Architect Richard Meier Accused Of Sexual Harassment
Five women have accused Richard Meier, a Pritzker Prize-winning architect famous for designing Los Angeles’s Getty Center, of sexual misconduct, according to a March 13 New York Times article. The alleged episodes span 30 years and include descriptions of groping, indecent exposure and forcible kissing.
After being informed of the allegations, Meier announced that he was taking a six-month leave from his firm.
Laura Trimble Eldogan told the Times that in 2009, after she was hired to be Meier’s assistant, he invited her to his apartment “to celebrate.” As Robin Pogrebin writes in The Times, Meier “showed [Eldogan] photographs of naked women he had taken and then asked her to undress.”
Two other former employees of Meier’s firm have attested that Meier exposed himself to them in his New York apartment. One of these women, Stella Lee, described the incident in an interview with The Times, while another, Alexis Zamlich, was barred from speaking about her alleged experience due to a confidentiality agreement. Former co-workers cited in The Times’s article claimed that Zamlich received a $150,000 settlement from Meier’s firm; Pogrebin writes that the legal settlement also “required the firm to hold sexual harassment training.”
A fourth woman, Judi Shade Monk, told Pogrebin that in 2003, Meier put his hand on her backside, over her dress, and “started to roll [her] underwear around in his fingers” at the firm holiday party.
The fifth alleged victim, Carol Vena-Mondt (who did not work for Meier’s firm, but met him through his work on the Getty Center) says that in the 1980s, Meier invited her to a dinner party that turned out to be a guise — Vena-Mondt was “the only guest.” Vena-Mondt described a harrowing encounter with Meier in which he forcefully attempted to kiss her, then dragged her towards his bedroom.
“He pushes me on the bed and lays down on top of me while I’m twisting and pushing him away and saying, ‘No, no, no,’” Vena-Mondt told the Times. “I’d never had anything like this happen. I was pretty aggressive about telling him no, but he wasn’t listening.”
She told Pogrebin that she eventually escaped to her car and locked her doors. “I got the car started, got to the bottom of the long driveway, stopped and just sat there in my car crying and shaking,” Vena-Mondt said.

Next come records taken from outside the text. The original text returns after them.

Lemma across_merge : realisable S (fun c => c a = c b).
Proof.
have [AB1 BCv1 BCu1 _ ACC1] := patterns_a; have [AB2 BCv2 BCu2 _ ACC2] := patterns_b.
have AA : realisable V1 (same_fresh a) -> realisable V2 (same_fresh b) ->
    realisable S (fun c => c a = c b).
  by move=> [c1 [h1 /andP [p1 p2]]] [c2 [h2 /andP [q1 q2]]]; glue h1 h2 hb2 (c1 a).
have BB : realisable V1 (split_fresh a) -> realisable V2 (split_fresh b) ->
    realisable S (fun c => c a = c b).
  by move=> [c1 [h1 /and3P [p1 p2 p3]]] [c2 [h2 /and3P [q1 q2 q3]]]; glue h1 h2 hb2 (c1 a).
have CC : realisable V1 (split_at_u a) -> realisable V2 (split_at_u b) ->
    realisable S (fun c => c a = c b).
  by move=> [c1 [h1 /andP [p1 p2]]] [c2 [h2 /andP [q1 q2]]]; glue h1 h2 hb2 (c1 u).
have DD : realisable V1 (split_at_v a) -> realisable V2 (split_at_v b) ->
    realisable S (fun c => c a = c b).
  by move=> [c1 [h1 /andP [p1 p2]]] [c2 [h2 /andP [q1 q2]]]; glue h1 h2 hb2 (c1 v).
case: AB1 => [A1|B1]; case: AB2 => [A2|B2]; try by [apply: AA|apply: BB].
- have nuv := same_fresh_nadj sep_u1 sep_v1 A1.
  case: BCv1 => [B1|Cv1]; first by apply: BB.
  case: BCu1 => [B1|Cu1]; first by apply: BB.
  case: (ACC2 ltac:(by rewrite (negbTE nuv) andbF)) => [A2|Cu2|Cv2];
    by [apply: AA|apply: CC|apply: DD].
- have nuv := same_fresh_nadj sep_u2 sep_v2 A2.
  case: BCv2 => [B2|Cv2]; first by apply: BB.
  case: BCu2 => [B2|Cu2]; first by apply: BB.
  case: (ACC1 ltac:(by rewrite (negbTE nuv) andbF)) => [A1|Cu1|Cv1];
    by [apply: AA|apply: CC|apply: DD].
Qed.

Lemma across_split : realisable S (fun c => c a != c b).
Proof.
have [_ BCv1 _ AD1 _] := patterns_a; have [AB2 _ _ _ _] := patterns_b.
have fresh_b (c1 c2 : T -> 'I_m) : is_colouring V1 e c1 -> is_colouring V2 e c2 ->
    (c1 u == c1 v) = (c2 u == c2 v) -> c2 b != c2 u -> c2 b != c2 v ->
    realisable S (fun c => c a != c b).
  by move=> h1 h2 huv n1 n2; glue_fresh h1 h2 hb2 (c1 u) (c1 v) (c1 a).
case: AB2 => [A2|[c2 [h2 /and3P [q1 q2 q3]]]].
- have nuv := same_fresh_nadj sep_u2 sep_v2 A2; case: A2 => [c2 [h2 /andP [q1 q2]]].
  by case: (AD1 nuv) => [[c1 [h1 /andP [p1 p2]]]|[c1 [h1 /andP [p1 p2]]]];
    apply: (fresh_b c1 c2) => //; colour_lia.
- by case: BCv1 => [[c1 [h1 /and3P [p1 p2 p3]]]|[c1 [h1 /andP [p1 p2]]]];
    apply: (fresh_b c1 c2) => //; colour_lia.
Qed.

Lemma across_isolate : realisable S (fun c => (c a != c b) && (c a != c u)).
Proof.
have [_ BCv1 BCu1 _ _] := patterns_a; have [_ BCv2 BCu2 _ _] := patterns_b.
case: BCv1 => [[c1 [h1 /and3P [p1 p2 p3]]]|[c1 [h1 /andP [p1 p2]]]].
- case: BCv2 => [[c2 [h2 /and3P [q1 q2 q3]]]|[c2 [h2 /andP [q1 q2]]]].
  + by glue_fresh h1 h2 hb2 (c1 u) (c1 v) (c1 a).
  + by glue h1 h2 hb2 (c1 v).
- case: BCu2 => [[c2 [h2 /and3P [q1 q2 q3]]]|[c2 [h2 /andP [q1 q2]]]].
  + by glue_fresh h1 h2 hb2 (c1 u) (c1 v) (c1 a).
  + by glue h1 h2 hb2 (c1 u).
Qed.

Lemma across_isolate_cut : realisable S (fun c => (c u != c a) && (c u != c b)).
Proof.
have [_ BCv1 _ _ _] := patterns_a; have [_ BCv2 _ _ _] := patterns_b.
case: BCv1 => [[c1 [h1 /and3P [p1 p2 p3]]]|[c1 [h1 /andP [p1 p2]]]];
  case: BCv2 => [[c2 [h2 /and3P [q1 q2 q3]]]|[c2 [h2 /andP [q1 q2]]]].
all: try by glue_fresh h1 h2 hb2 (c1 u) (c1 v) (c1 a).
all: by glue h1 h2 hb2 (c1 v).
Qed.

Lemma across_two : realisable S (fun c => exactly_two (c a) (c b) (c u)).
Proof.
rewrite /exactly_two.
have [AB1 _ _ AD1 _] := patterns_a; have [AB2 _ _ AD2 _] := patterns_b.
have AA : realisable V1 (same_fresh a) -> realisable V2 (same_fresh b) ->
    realisable S (fun c => [|| (c a == c b) && (c a != c u),
      (c a == c u) && (c a != c b) | (c b == c u) && (c a != c b)]).
  by move=> [c1 [h1 /andP [p1 p2]]] [c2 [h2 /andP [q1 q2]]]; glue h1 h2 hb2 (c1 a).
case: AB1 => [A1|[c1 [h1 /and3P [p1 p2 p3]]]].
- case: AB2 => [A2|[c2 [h2 /and3P [q1 q2 q3]]]]; first by apply: AA.
  have nuv := same_fresh_nadj sep_u1 sep_v1 A1.
  case: (AD2 nuv) => [A2|[c2' [h2' /andP [q1' q2']]]]; first by apply: AA.
  by case: A1 => [c1 [h1 /andP [p1 p2]]]; glue h1 h2' hb2 (c1 u).
- case: AB2 => [A2|[c2 [h2 /and3P [q1 q2 q3]]]]; last by glue h1 h2 hb2 (c1 a).
  have nuv := same_fresh_nadj sep_u2 sep_v2 A2.
  case: (AD1 nuv) => [A1|[c1' [h1' /andP [p1' p2']]]]; first by apply: AA.
  by case: A2 => [c2 [h2 /andP [q1 q2]]]; glue_fresh h1' h2 hb2 (c1' u) (c1' v) (c1' a).
Qed.

End OneVertexEachSide.

Section PairInV1.
Variables a1 a2 : T.
Hypotheses (ha1 : a1 \in V1) (ha1' : a1 \notin V2) (ha2 : a2 \in V1) (ha2' : a2 \notin V2)
  (h12 : a1 != a2).

Lemma pair_isolate_first : realisable S (fun c => (c a1 != c a2) && (c a1 != c b)).
Proof.
have [_ _ BCu2 AD2 _] := patterns_b; have [_ _ isolate1 _] := flex1.
have /andP [a1u _] := sep_off_cut1 ha1 ha1'; have /andP [a2u _] := sep_off_cut1 ha2 ha2'.
have [c1 [h1 /andP [p1 p2]]] := isolate1 a1 a2 u ha1 ha2 sep_u1 ltac:(by rewrite h12 a2u a1u).
case: (eqVneq (c1 u) (c1 v)) => E.
- case: (AD2 (nadj_of_same_colour h1 sep_u1 sep_v1 E)) =>
    [[c2 [h2 /andP [q1 q2]]]|[c2 [h2 /andP [q1 q2]]]].
  + by glue_fresh h1 h2 hb2 (c1 u) (c1 v) (c1 a1).
  + by glue h1 h2 hb2 (c1 u).
- case: BCu2 => [[c2 [h2 /and3P [q1 q2 q3]]]|[c2 [h2 /andP [q1 q2]]]].
  + by glue_fresh h1 h2 hb2 (c1 u) (c1 v) (c1 a1).
  + by glue h1 h2 hb2 (c1 u).
Qed.

Lemma pair_two : realisable S (fun c => exactly_two (c a1) (c a2) (c b)).
Proof.
have [AB2 BCv2 BCu2 AD2 ACC2] := patterns_b; have [merge1 split1 isolate1 two1] := flex1.
have /andP [a1u a1v] := sep_off_cut1 ha1 ha1'; have /andP [a2u a2v] := sep_off_cut1 ha2 ha2'.
have u1 := sep_u1; have v1 := sep_v1; have uv := sep_neq.
rewrite /exactly_two.
case: (boolP (e a1 a2)) => e12.
- have HA : realisable V2 (same_fresh b) -> realisable S (fun c =>
      [|| (c a1 == c a2) && (c a1 != c b), (c a1 == c b) && (c a1 != c a2)
        | (c a2 == c b) && (c a1 != c a2)]).
    move=> A2; have nuv := same_fresh_nadj sep_u2 sep_v2 A2.
    case: A2 => [c2 [h2 /andP [q1 q2]]]; have [c1 [h1 E]] := merge1 u v u1 v1 nuv.
    have n2 := h1 a1 a2 ha1 ha2 e12.
    case: (eqVneq (c1 a1) (c1 u)) => E2; [by glue h1 h2 hb2 (c1 a2) | by glue h1 h2 hb2 (c1 a1)].
  case: AB2 => [|[c2 [h2 /and3P [q1 q2 q3]]]]; first exact: HA.
  case: (boolP (e u v)) => euv.
    have [c1 [h1 p]] := isolate1 a1 u v ha1 u1 v1 ltac:(by rewrite a1u uv a1v).
    have n1 := h1 u v u1 v1 euv; have n2 := h1 a1 a2 ha1 ha2 e12.
    by glue h1 h2 hb2 (c1 a1).
  case: (AD2 euv) => [|[c2' [h2' /andP [q1' q2']]]]; first exact: HA.
  case: (ACC2 ltac:(by rewrite (negbTE euv) andbF)) =>
    [|[c3 [h3 /andP [r1 r2]]]|[c3 [h3 /andP [r1 r2]]]]; first exact: HA.
  + case: (boolP (e a2 u && e a1 u)) => [/andP [tr1 tr2]|tr].
      have [c1 [h1 p]] := split1 u v u1 v1 uv.
      have n2 := h1 a1 a2 ha1 ha2 e12; have n3 := h1 a2 u ha2 u1 tr1.
      have n4 := h1 a1 u ha1 u1 tr2.
      by case: (eqVneq (c1 a1) (c1 v)) => E; [glue h1 h2 hb2 (c1 a2) | glue h1 h2 hb2 (c1 a1)].
    have [c1 [h1 p]] := two1 a1 a2 u ha1 ha2 u1 ltac:(by rewrite h12 a2u a1u)
      ltac:(by rewrite negb_and tr orbT).
    rewrite /exactly_two in p; have n2 := h1 a1 a2 ha1 ha2 e12.
    by case: (eqVneq (c1 u) (c1 v)) => E; [glue h1 h2' hb2 (c1 u) | glue h1 h3 hb2 (c1 u)].
  + case: (boolP (e a2 v && e a1 v)) => [/andP [tr1 tr2]|tr].
      have [c1 [h1 p]] := split1 u v u1 v1 uv.
      have n2 := h1 a1 a2 ha1 ha2 e12; have n3 := h1 a2 v ha2 v1 tr1.
      have n4 := h1 a1 v ha1 v1 tr2.
      by case: (eqVneq (c1 a1) (c1 u)) => E; [glue h1 h2 hb2 (c1 a2) | glue h1 h2 hb2 (c1 a1)].
    have [c1 [h1 p]] := two1 a1 a2 v ha1 ha2 v1 ltac:(by rewrite h12 a2v a1v)
      ltac:(by rewrite negb_and tr orbT).
    rewrite /exactly_two in p; have n2 := h1 a1 a2 ha1 ha2 e12.
    by case: (eqVneq (c1 u) (c1 v)) => E; [glue h1 h2' hb2 (c1 v) | glue h1 h3 hb2 (c1 v)].
- have [c1 [h1 E]] := merge1 a1 a2 ha1 ha2 e12.
  case: (eqVneq (c1 u) (c1 v)) => E1.
  + have nuv := nadj_of_same_colour h1 u1 v1 E1.
    case: (AD2 nuv) => [[c2 [h2 /andP [q1 q2]]]|[c2 [h2 /andP [q1 q2]]]].
      by glue_fresh h1 h2 hb2 (c1 u) (c1 v) (c1 a1).
    case: (eqVneq (c1 u) (c1 a1)) => E2; last by glue h1 h2 hb2 (c1 u).
    case: (ACC2 ltac:(by rewrite (negbTE nuv) andbF)) =>
      [[c3 [h3 /andP [r1 r2]]]|[c3 [h3 /andP [r1 r2]]]|[c3 [h3 /andP [r1 r2]]]].
    * by glue_fresh h1 h3 hb2 (c1 u) (c1 v) (c1 a1).
    * have [c1' [h1' p]] := two1 a1 a2 u ha1 ha2 u1 ltac:(by rewrite h12 a2u a1u)
        ltac:(by rewrite (negbTE e12)).
      rewrite /exactly_two in p.
      by case: (eqVneq (c1' u) (c1' v)) => E'; [glue h1' h2 hb2 (c1' u) | glue h1' h3 hb2 (c1' u)].
    * have [c1' [h1' p]] := two1 a1 a2 v ha1 ha2 v1 ltac:(by rewrite h12 a2v a1v)
        ltac:(by rewrite (negbTE e12)).
      rewrite /exactly_two in p.
      by case: (eqVneq (c1' u) (c1' v)) => E'; [glue h1' h2 hb2 (c1' u) | glue h1' h3 hb2 (c1' v)].
  + case: BCu2 => [[c2 [h2 /and3P [q1 q2 q3]]]|[c2 [h2 /andP [q1 q2]]]].
      by glue_fresh h1 h2 hb2 (c1 u) (c1 v) (c1 a1).
    case: (eqVneq (c1 u) (c1 a1)) => E2; last by glue h1 h2 hb2 (c1 u).
    case: BCv2 => [[c3 [h3 /and3P [r1 r2 r3]]]|[c3 [h3 /andP [r1 r2]]]].
    * by glue_fresh h1 h3 hb2 (c1 u) (c1 v) (c1 a1).
    * by glue h1 h3 hb2 (c1 v).
Qed.

(* Only the case where [a1 a2 u v] is a clique needs a fifth colour. *)
Hypothesis clique_bound : [&& e a1 a2, e a1 u, e a1 v, e a2 u, e a2 v & e u v] -> 4 < m.

Lemma pair_isolate_other : realisable S (fun c => (c b != c a1) && (c b != c a2)).
Proof.
have [AB2 _ _ AD2 ACC2] := patterns_b; have [merge1 split1 isolate1 two1] := flex1.
have /andP [a1u a1v] := sep_off_cut1 ha1 ha1'; have /andP [a2u a2v] := sep_off_cut1 ha2 ha2'.
have u1 := sep_u1; have v1 := sep_v1.
have HA : realisable V2 (same_fresh b) ->
    realisable S (fun c => (c b != c a1) && (c b != c a2)).
  move=> A2; have nuv := same_fresh_nadj sep_u2 sep_v2 A2.
  case: A2 => [c2 [h2 /andP [q1 q2]]]; have [c1 [h1 E]] := merge1 u v u1 v1 nuv.
  by glue_fresh h1 h2 hb2 (c1 u) (c1 a1) (c1 a2).
case: AB2 => [|[c2 [h2 /and3P [q1 q2 q3]]]]; first exact: HA.
case: (boolP (e u v)) => euv.
- case: (boolP (e a1 a2)) => e12; last first.
    have [c1 [h1 E]] := merge1 a1 a2 ha1 ha2 e12; have n1 := h1 u v u1 v1 euv.
    by glue_fresh h1 h2 hb2 (c1 u) (c1 v) (c1 a1).
  case: (boolP (e a2 u && e a1 u)) => t1; last first.
    have [c1 [h1 p]] := two1 a1 a2 u ha1 ha2 u1 ltac:(by rewrite h12 a2u a1u)
      ltac:(by rewrite negb_and t1 orbT).
    rewrite /exactly_two in p; have n1 := h1 u v u1 v1 euv.
    have n2 := h1 a1 a2 ha1 ha2 e12.
    by glue_fresh h1 h2 hb2 (c1 v) (c1 a1) (c1 a2).
  case: (boolP (e a2 v && e a1 v)) => t2; last first.
    have [c1 [h1 p]] := two1 a1 a2 v ha1 ha2 v1 ltac:(by rewrite h12 a2v a1v)
      ltac:(by rewrite negb_and t2 orbT).
    rewrite /exactly_two in p; have n1 := h1 u v u1 v1 euv.
    have n2 := h1 a1 a2 ha1 ha2 e12.
    by glue_fresh h1 h2 hb2 (c1 u) (c1 a1) (c1 a2).
  have m5 : 4 < m.
    by apply: clique_bound; move: t1 t2 => /andP [-> ->] /andP [-> ->]; rewrite e12 euv.
  have [c1 [h1 _]] := split1 a1 a2 ha1 ha2 h12; have n1 := h1 u v u1 v1 euv.
  have [t ht] := fresh_colour4 (c1 u) (c1 v) (c1 a1) (c1 a2) m5.
  by glue h1 h2 hb2 t.
- case: (AD2 euv) => [|[c2' [h2' /andP [q1' q2']]]]; first exact: HA.
  case: (ACC2 ltac:(by rewrite (negbTE euv) andbF)) =>
    [|[c3 [h3 /andP [r1 r2]]]|[c3 [h3 /andP [r1 r2]]]]; first exact: HA.
  + have [c1 [h1 p]] := isolate1 u a1 a2 u1 ha1 ha2 ltac:(by rewrite eq_sym a1u h12 eq_sym a2u).
    by case: (eqVneq (c1 u) (c1 v)) => E; [glue h1 h2' hb2 (c1 u) | glue h1 h3 hb2 (c1 u)].
  + have [c1 [h1 p]] := isolate1 v a1 a2 v1 ha1 ha2 ltac:(by rewrite eq_sym a1v h12 eq_sym a2v).
    by case: (eqVneq (c1 u) (c1 v)) => E; [glue h1 h2' hb2 (c1 u) | glue h1 h3 hb2 (c1 v)].
Qed.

According to Pogrebin, after The New York Times confronted Meier with the allegations, he announced he would take a six-month leave from his firm and issued a statement: “I am deeply troubled and embarrassed by the accounts of several women who were offended by my words and actions. While our recollections may differ, I sincerely apologize to anyone who was offended by my behavior.”
Following The Times’s reporting on the allegations, Sotheby’s closed an exhibit of Meier’s collages and silk-screens that had opened on February 28. The exhibit was supposed to run until March 28. The auction house said in a statement, “Under the circumstances, and in consultation with the Meier family, the decision has been made to close our exhibition early.”
In addition, Cornell University refused a financial gift from Meier. Kent Kleinman, dean of Cornell’s College of Architecture, Art and Planning, told the Cornell Daily Sun, “I am deeply disturbed to learn of the allegations of sexual misconduct by Richard Meier, which were reported in an article in today’s New York Times … We will swiftly explore what additional actions are appropriate.”